# spur advice??



## kait18 (Oct 11, 2011)

alrighty tell me about spurs???

trainer wants to put me in a small spur to assist with my leg cues since denny is starting to ignore them. :-x

anyone have any preferences as to what spur to get??or what there first spurs were and why they liked them or what they didn't like about them?

never rode with spurs before so want to have an idea of what to stay away from and what would work.

thanks


----------



## DancingArabian (Jul 15, 2011)

English or Western?

English spurs have a pretty big variety. You can get little knobs spurs, Prince of Wales spurs and spurs with rollers. You may find that your horse likes one type and not another. I use smooth rowel spurs when I do use spurs and my horse likes those. They're pretty common among English riders - as are prince of wales spurs. My horse did NOT like the POW spurs - too shabby maybe? They made him angry.
_Posted via Mobile Device_


----------



## beau159 (Oct 4, 2010)

My personal opinion on spurs is that they should be used to make your cues LIGHTER. Not force the horse to pay attention or make your heels more harsh. 

Spurs should be used to make your cues invisible to the outside onlooker. That you can touch your horse so lightly with them, yet your horse responds and knows exactly what you want. Think about it -- your horse can feel a fly land on its skin. Think of how reponsive they can be to the same amount of "fly pressure" with a small touch of your spur. LIGHTER!!!

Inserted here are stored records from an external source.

(* Let N be the subgroup of G acting diagonally on the x_j, i.e. multiplying
   each x_j by a scalar of K; it is normal since a conjugate of a diagonal
   element by a quasi-monomial one is again diagonal. The exponents w for which
   some c x^w (c in K^x) is N-invariant form a lattice containing |N| Z^n (the
   norm of x_j is a multiple of x_j^|N|); an echelon basis b_1, ..., b_n of it
   gives invariant y_i = a_i x^b_i. An N-invariant element is a quotient of
   Laurent polynomials with invariant denominator (multiply by the conjugates of
   the denominator), and as N rescales every monomial while distinct monomials
   are linearly independent, invariant Laurent polynomials are combinations of
   invariant monomials, i.e. of monomials in the y_i over K^N. Finally, if g
   rescales every y_i, its rho-matrix A satisfies A B = B, so A = 1 and g lies
   in N: the induced representation of G/N is faithful. *)

Section Subfield.
Variables (L : fieldType) (P : pred L).
Hypothesis subP : is_subfield P.

Lemma subfield1 : 1 \in P. Proof. by case: subP. Qed.

Lemma subfieldB a b : a \in P -> b \in P -> a - b \in P.
Proof. by case: subP => _ h _ _; apply: h. Qed.

Lemma subfieldM a b : a \in P -> b \in P -> a * b \in P.
Proof. by case: subP => _ _ h _; apply: h. Qed.
Lemma SpE_dirichlet {F s g} : SpE A L nu F s -> H g -> orth nu F g ->
  dirichlet s g = lamE A L nu F * inner s g.
Proof. by case=> _ [_ eig]; exact: eig. Qed.

Section Projection.
Variables (m : nat) (p : nat -> M -> R).
Hypothesis hp : forall i, (1 <= i < m.+1)%N -> Sp A L nu i (p i).

Definition psum n : M -> R := fun x => \sum_(1 <= i < n.+1) p i x.

Lemma psum0 : psum 0 = fun _ => 0.
Proof. by apply/funext => x; rewrite /psum big_geq. Qed.

Lemma psumS n : psum n.+1 = psum n \+ p n.+1.
Proof. by apply/funext => x; rewrite /psum /= big_nat_recr. Qed.

Lemma Sp_component {n} : (n < m)%N -> SpE A L nu (E n) (p n.+1).
Proof. by move=> nm; apply: hp; rewrite ltnS. Qed.

Lemma psum_Espace {n} : (n <= m)%N -> E n (psum n).
Proof.
elim: n => [_|n IH nm]; first by rewrite psum0; exact: Espace0.
rewrite psumS; exists (psum n); first exact: IH (ltnW nm).
by exists (p n.+1); first exact: Sp_component.
Qed.

Lemma psum_H1 {n} : (n <= m)%N -> H (psum n).
Proof. by move=> nm; apply: (Espace_H1 n); exact: psum_Espace. Qed.

Lemma dirichlet_psum_orth {n h} : (n <= m)%N -> H h -> orth nu (E n) h ->
  dirichlet (psum n) h = 0.
Proof.
elim: n => [_|n IH nm] Hh Oh; first by rewrite psum0 dirichlet0l.
have Sp_n := Sp_component nm; have [Hp _] := Sp_n.
have Oh' := orth_Espace_mono (leqnSn n) Oh.
have Hs := psum_H1 (ltnW nm).
rewrite psumS dirichletDl // (IH (ltnW nm) Hh Oh') add0r.
rewrite (SpE_dirichlet Sp_n Hh Oh') innerC.
by rewrite [inner h _](Oh _ (SpE_Espace Sp_n)) mulr0.
Qed.

Lemma inner_psum {n} : (n <= m)%N ->
  inner (psum n) (psum n) = \sum_(1 <= i < n.+1) inner (p i) (p i).
Proof.
elim: n => [_|n IH nm]; first by rewrite psum0 inner0l big_geq.
have [Hp [Op _]] := Sp_component nm.
have cross : inner (psum n) (p n.+1) = 0.
  by rewrite innerC; exact: Op _ (psum_Espace (ltnW nm)).
have Hs := psum_H1 (ltnW nm).
rewrite psumS innerDD // (IH (ltnW nm)) cross.
by rewrite mulr0 addr0 [RHS]big_nat_recr.
Qed.

Lemma dirichlet_psum {n} : (n <= m)%N ->
  dirichlet (psum n) (psum n) = \sum_(1 <= i < n.+1) lam_nu A L nu i * inner (p i) (p i).
Proof.
elim: n => [_|n IH nm]; first by rewrite psum0 dirichlet0l ?big_geq //; exact: H1_0.
have Sp_n := Sp_component nm; have [Hp [Op _]] := Sp_n.
have p_eig : dirichlet (p n.+1) (p n.+1) = lam_nu A L nu n.+1 * inner (p n.+1) (p n.+1).
  exact: SpE_dirichlet Sp_n Hp Op.
have Hs := psum_H1 (ltnW nm).
rewrite psumS dirichletDD // (IH (ltnW nm)) (dirichlet_psum_orth (ltnW nm) Hp Op) p_eig.
by rewrite mulr0 addr0 [RHS]big_nat_recr.
Qed.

I don't know the background on your whole story here, but my opinion would be to get your horse to listen to you the way you are. Because what if he starts to just ignore your spurs too, down the road? Then what will you do? I say that you fix the root of the problem, and that's his lack of attention or lack of respect or whatever the problem is. He should listen to you no matter what you ask, no questions asked.


----------



## Joe4d (Sep 1, 2011)

They have to jingle ominously when you walk or they dont count.


----------



## kait18 (Oct 11, 2011)

DancingArabian said:


> English or Western?
> 
> English spurs have a pretty big variety. You can get little knobs spurs, Prince of Wales spurs and spurs with rollers. You may find that your horse likes one type and not another. I use smooth rowel spurs when I do use spurs and my horse likes those. They're pretty common among English riders - as are prince of wales spurs. My horse did NOT like the POW spurs - too shabby maybe? They made him angry.
> _Posted via Mobile Device_


western


----------



## kait18 (Oct 11, 2011)

beau159 said:


> My personal opinion on spurs is that they should be used to make your cues LIGHTER. Not force the horse to pay attention or make your heels more harsh.
> 
> Spurs should be used to make your cues invisible to the outside onlooker. That you can touch your horse so lightly with them, yet your horse responds and knows exactly what you want. Think about it -- your horse can feel a fly land on its skin. Think of how reponsive they can be to the same amount of "fly pressure" with a small touch of your spur. LIGHTER!!!
> 
> I don't know the background on your whole story here, but my opinion would be to get your horse to listen to you the way you are. Because what if he starts to just ignore your spurs too, down the road? Then what will you do? I say that you fix the root of the problem, and that's his lack of attention or lack of respect or whatever the problem is. He should listen to you no matter what you ask, no questions asked.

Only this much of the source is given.